[Stored data entries]
(* In the calculus $\lambda^{RE}$ described in the context: if $e_1\to^*e_1'$ and $e_2\to^*e_2'$, then $\delta\vdash e_1'\approx e_2':\tau$ if and only if $\delta\vdash e_1\approx e_2:\tau$.
   Context: Syntax of $\lambda^{RE}$. Basic types $b ::= \mathsf{Bool}\mid\mathsf{Unit}$. Constants $c ::= \mathsf{true}\mid\mathsf{false}\mid\mathsf{unit}\mid (=_b)\mid (=_{(c,b)})$. Expressions $e ::= c\mid x\mid e\ e\mid \lambda x{:}\tau.\,e\mid \mathsf{BEq}_b\ e\ e\ e\mid \mathsf{XEq}_{x:\tau\to\tau}\ e\ e\ e$. Values $v ::= c\mid \lambda x{:}\tau.\,e\mid \mathsf{BEq}_b\ e\ e\ v\mid \mathsf{XEq}_{x:\tau\to\tau}\ e\ e\ v$. Types $\tau ::= \{x{:}b\mid e\}\mid x{:}\tau\to\tau\mid \mathsf{PEq}_{\tau}\{e\}\{e\}$. $e[x:=e']$ is capture-avoiding substitution. Reduction: evaluation contexts $E ::= \bullet\mid E\ e\mid v\ E\mid \mathsf{BEq}_b\ e\ e\ E\mid\mathsf{XEq}_{x:\tau\to\tau}\ e\ e\ E$; $E[e]\to E[e']$ if $e\to e'$; $(\lambda x{:}\tau.\,e)\ v\to e[x:=v]$; $(=_b)\ c_1\to(=_{(c_1,b)})$; $(=_{(c_1,b)})\ c_2\to\mathsf{true}$ if $c_1,c_2$ syntactically equal, else $\to\mathsf{false}$. $\to^*$ is the reflexive–transitive closure. Equivalence logical relation. A pending substitution $\delta$ maps variables to pairs of closed values; $\delta_1,\delta_2$ are its component substitutions, and $\delta,(v_1,v_2)/x$ extends it. Value relation $\delta\vdash v_1\approx_{val}v_2:\tau$: for $\{x{:}b\mid r\}$: $v_1=v_2=c$ with $c$ a constant of simple type $b$, $\delta_1(r[x:=c])\to^*\mathsf{true}$ and $\delta_2(r[x:=c])\to^*\mathsf{true}$; for $x{:}\tau_x\to\tau$: for all $v_3,v_4$ with $\delta\vdash v_3\approx_{val}v_4:\tau_x$, $\delta,(v_3,v_4)/x\vdash v_1\ v_3\approx v_2\ v_4:\tau$; for $\mathsf{PEq}_\tau\{e_l\}\{e_r\}$: $\delta\vdash\delta_1(e_l)\approx\delta_2(e_r):\tau$. Expression relation: $\delta\vdash e_1\approx e_2:\tau$ iff $e_1\to^*v_1$, $e_2\to^*v_2$ for some values and $\delta\vdash v_1\approx_{val}v_2:\tau$. *)

From Stdlib Require Import Arith List.
Import ListNotations.

Inductive basic : Type := BBool | BUnit.

Inductive const : Type :=
| CTrue | CFalse | CUnit
| CEqb (b : basic)
| CEqcb (c : const) (b : basic).

(* Variables are de Bruijn indices.
   - ELam t e          : \x:t. e           (x = index 0 in e)
   - EBEq b e1 e2 e3   : BEq_b e1 e2 e3
   - EXEq tx t e1 e2 e3: XEq_{x:tx -> t} e1 e2 e3  (x = index 0 in t)
   - TRef b r          : {x:b | r}         (x = index 0 in r)
   - TArr tx t         : x:tx -> t         (x = index 0 in t)
   - TPEq t el er      : PEq_t {el} {er} *)
Inductive expr : Type :=
| EConst (c : const)
| EVar (n : nat)
| EApp (e1 e2 : expr)
| ELam (t : ty) (e : expr)
| EBEq (b : basic) (e1 e2 e3 : expr)
| EXEq (tx t : ty) (e1 e2 e3 : expr)
with ty : Type :=
| TRef (b : basic) (r : expr)
| TArr (tx t : ty)
| TPEq (t : ty) (el er : expr).

Fixpoint lift_e (d k : nat) (e : expr) : expr :=
  match e with
  | EConst c => EConst c
  | EVar n => if Nat.ltb n k then EVar n else EVar (n + d)
  | EApp e1 e2 => EApp (lift_e d k e1) (lift_e d k e2)
  | ELam t e => ELam (lift_t d k t) (lift_e d (S k) e)
  | EBEq b e1 e2 e3 => EBEq b (lift_e d k e1) (lift_e d k e2) (lift_e d k e3)
  | EXEq tx t e1 e2 e3 =>
      EXEq (lift_t d k tx) (lift_t d (S k) t) (lift_e d k e1) (lift_e d k e2) (lift_e d k e3)
  end
with lift_t (d k : nat) (t : ty) : ty :=
  match t with
  | TRef b r => TRef b (lift_e d (S k) r)
  | TArr tx t => TArr (lift_t d k tx) (lift_t d (S k) t)
  | TPEq t el er => TPEq (lift_t d k t) (lift_e d k el) (lift_e d k er)
  end.

(* capture-avoiding substitution of u for variable k (variables above k
   are decremented, since the binder of k disappears) *)
Fixpoint subst_e (k : nat) (u : expr) (e : expr) : expr :=
  match e with
  | EConst c => EConst c
  | EVar n =>
      if Nat.ltb n k then EVar n
      else if Nat.eqb n k then lift_e k 0 u
      else EVar (pred n)
  | EApp e1 e2 => EApp (subst_e k u e1) (subst_e k u e2)
  | ELam t e => ELam (subst_t k u t) (subst_e (S k) u e)
  | EBEq b e1 e2 e3 => EBEq b (subst_e k u e1) (subst_e k u e2) (subst_e k u e3)
  | EXEq tx t e1 e2 e3 =>
      EXEq (subst_t k u tx) (subst_t (S k) u t) (subst_e k u e1) (subst_e k u e2) (subst_e k u e3)
  end
with subst_t (k : nat) (u : expr) (t : ty) : ty :=
  match t with
  | TRef b r => TRef b (subst_e (S k) u r)
  | TArr tx t => TArr (subst_t k u tx) (subst_t (S k) u t)
  | TPEq t el er => TPEq (subst_t k u t) (subst_e k u el) (subst_e k u er)
  end.

Definition subst0 (u e : expr) : expr := subst_e 0 u e.

Fixpoint wf_e (n : nat) (e : expr) : Prop :=
  match e with
  | EConst _ => True
  | EVar m => m < n
  | EApp e1 e2 => wf_e n e1 /\ wf_e n e2
  | ELam t e => wf_t n t /\ wf_e (S n) e
  | EBEq _ e1 e2 e3 => wf_e n e1 /\ wf_e n e2 /\ wf_e n e3
  | EXEq tx t e1 e2 e3 => wf_t n tx /\ wf_t (S n) t /\ wf_e n e1 /\ wf_e n e2 /\ wf_e n e3
  end
with wf_t (n : nat) (t : ty) : Prop :=
  match t with
  | TRef _ r => wf_e (S n) r
  | TArr tx t => wf_t n tx /\ wf_t (S n) t
  | TPEq t el er => wf_t n t /\ wf_e n el /\ wf_e n er
  end.

Definition closed (e : expr) : Prop := wf_e 0 e.

Inductive is_value : expr -> Prop :=
| VConst c : is_value (EConst c)
| VLam t e : is_value (ELam t e)
| VBEq b e1 e2 v : is_value v -> is_value (EBEq b e1 e2 v)
| VXEq tx t e1 e2 v : is_value v -> is_value (EXEq tx t e1 e2 v).

(* small-step reduction; the congruence rules implement the evaluation
   contexts E ::= . | E e | v E | BEq_b e e E | XEq e e E *)
Inductive step : expr -> expr -> Prop :=
| S_AppL e1 e1' e2 : step e1 e1' -> step (EApp e1 e2) (EApp e1' e2)
| S_AppR v e e' : is_value v -> step e e' -> step (EApp v e) (EApp v e')
| S_BEq b e1 e2 e e' : step e e' -> step (EBEq b e1 e2 e) (EBEq b e1 e2 e')
| S_XEq tx t e1 e2 e e' : step e e' -> step (EXEq tx t e1 e2 e) (EXEq tx t e1 e2 e')
| S_Beta t e v : is_value v -> step (EApp (ELam t e) v) (subst0 v e)
| S_Eq1 b c1 : step (EApp (EConst (CEqb b)) (EConst c1)) (EConst (CEqcb c1 b))
| S_Eq2T c1 b c2 : c1 = c2 ->
    step (EApp (EConst (CEqcb c1 b)) (EConst c2)) (EConst CTrue)
| S_Eq2F c1 b c2 : c1 <> c2 ->
    step (EApp (EConst (CEqcb c1 b)) (EConst c2)) (EConst CFalse).

Inductive steps : expr -> expr -> Prop :=
| steps_refl e : steps e e
| steps_step e1 e2 e3 : step e1 e2 -> steps e2 e3 -> steps e1 e3.

Definition const_of_basic (c : const) (b : basic) : Prop :=
  match c, b with
  | CTrue, BBool | CFalse, BBool | CUnit, BUnit => True
  | _, _ => False
  end.

(* pending substitutions: the head of the list is the innermost variable *)
Definition pending_subst := list (expr * expr).
Definition delta1 (d : pending_subst) : list expr := map fst d.
Definition delta2 (d : pending_subst) : list expr := map snd d.

(* applying a (closing) substitution: the i-th value replaces index i *)
Fixpoint msubst (vs : list expr) (e : expr) : expr :=
  match vs with
  | [] => e
  | v :: vs' => msubst vs' (subst0 v e)
  end.

Definition is_pending (d : pending_subst) : Prop :=
  Forall (fun p => is_value (fst p) /\ closed (fst p) /\
                   is_value (snd p) /\ closed (snd p)) d.

Definition exprrel_with (R : expr -> expr -> Prop) (e1 e2 : expr) : Prop :=
  exists v1 v2, steps e1 v1 /\ is_value v1 /\ steps e2 v2 /\ is_value v2 /\ R v1 v2.

Fixpoint valrel (d : pending_subst) (v1 v2 : expr) (t : ty) {struct t} : Prop :=
  match t with
  | TRef b r =>
      exists c, v1 = EConst c /\ v2 = EConst c /\ const_of_basic c b /\
        steps (msubst (delta1 d) (subst0 (EConst c) r)) (EConst CTrue) /\
        steps (msubst (delta2 d) (subst0 (EConst c) r)) (EConst CTrue)
  | TArr tx t' =>
      forall v3 v4, is_value v3 -> closed v3 -> is_value v4 -> closed v4 ->
        valrel d v3 v4 tx ->
        exprrel_with (fun w1 w2 => valrel ((v3, v4) :: d) w1 w2 t')
                     (EApp v1 v3) (EApp v2 v4)
  | TPEq t' el er =>
      exprrel_with (fun w1 w2 => valrel d w1 w2 t')
                   (msubst (delta1 d) el) (msubst (delta2 d) er)
  end.

Definition exprrel (d : pending_subst) (e1 e2 : expr) (t : ty) : Prop :=
  exprrel_with (fun v1 v2 => valrel d v1 v2 t) e1 e2.

(* Reduction is deterministic and values are irreducible, so any reduct of
   an expression lies on the unique path to its value; hence reducing either
   side changes neither whether a value is reached nor which one. *)

Lemma value_irreducible v e : is_value v -> ~ step v e.
Proof.
  intros Hv; revert e; induction Hv; intros e' Hs; inversion Hs; subst;
    eapply IHHv; eauto.
Qed.

Lemma step_deterministic e e1 e2 : step e e1 -> step e e2 -> e1 = e2.
Proof.
  intros H1; revert e2; induction H1; intros e2' H2; inversion H2; subst;
    try congruence; try (f_equal; auto; fail);
    exfalso; match goal with
             | Hs : step ?v _ |- _ =>
                 solve [eapply (value_irreducible v); eauto using is_value]
             end.
Qed.

Lemma steps_trans e1 e2 e3 : steps e1 e2 -> steps e2 e3 -> steps e1 e3.
Proof. induction 1; eauto using steps. Qed.

Lemma steps_to_value_from_reduct e e' v :
  steps e e' -> steps e v -> is_value v -> steps e' v.
Proof.
  intros He'; revert v; induction He' as [|e1 e2 e3 H12 _ IH]; intros v Hv Vv;
    auto.
  apply IH; auto.
  inversion Hv as [|? e2' ? H12' Hv']; subst.
  - exfalso; eapply value_irreducible; eauto.
  - now rewrite (step_deterministic _ _ _ H12 H12').
Qed.

Lemma exprrel_with_steps (R : expr -> expr -> Prop) e1 e1' e2 e2' :
  steps e1 e1' -> steps e2 e2' ->
  exprrel_with R e1' e2' <-> exprrel_with R e1 e2.
Proof.
  intros H1 H2; unfold exprrel_with; split;
    intros (v1 & v2 & S1 & V1 & S2 & V2 & Rv); exists v1, v2;
    repeat split; eauto using steps_trans, steps_to_value_from_reduct.
Qed.

Theorem lemmaB19 (d : pending_subst) (t : ty) (e1 e1' e2 e2' : expr) :
  is_pending d ->
  steps e1 e1' -> steps e2 e2' ->
  (exprrel d e1' e2' t <-> exprrel d e1 e2 t).
Proof.
  intros _; apply exprrel_with_steps.
Qed.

Directions for this task: Starting at the line that contains "repeat split; eauto", retype each remaining line of the records exactly; that line and the last line are both included.

Solution to the problem:
    repeat split; eauto using steps_trans, steps_to_value_from_reduct.
Qed.

Theorem lemmaB19 (d : pending_subst) (t : ty) (e1 e1' e2 e2' : expr) :
  is_pending d ->
  steps e1 e1' -> steps e2 e2' ->
  (exprrel d e1' e2' t <-> exprrel d e1 e2 t).
Proof.
  intros _; apply exprrel_with_steps.
Qed.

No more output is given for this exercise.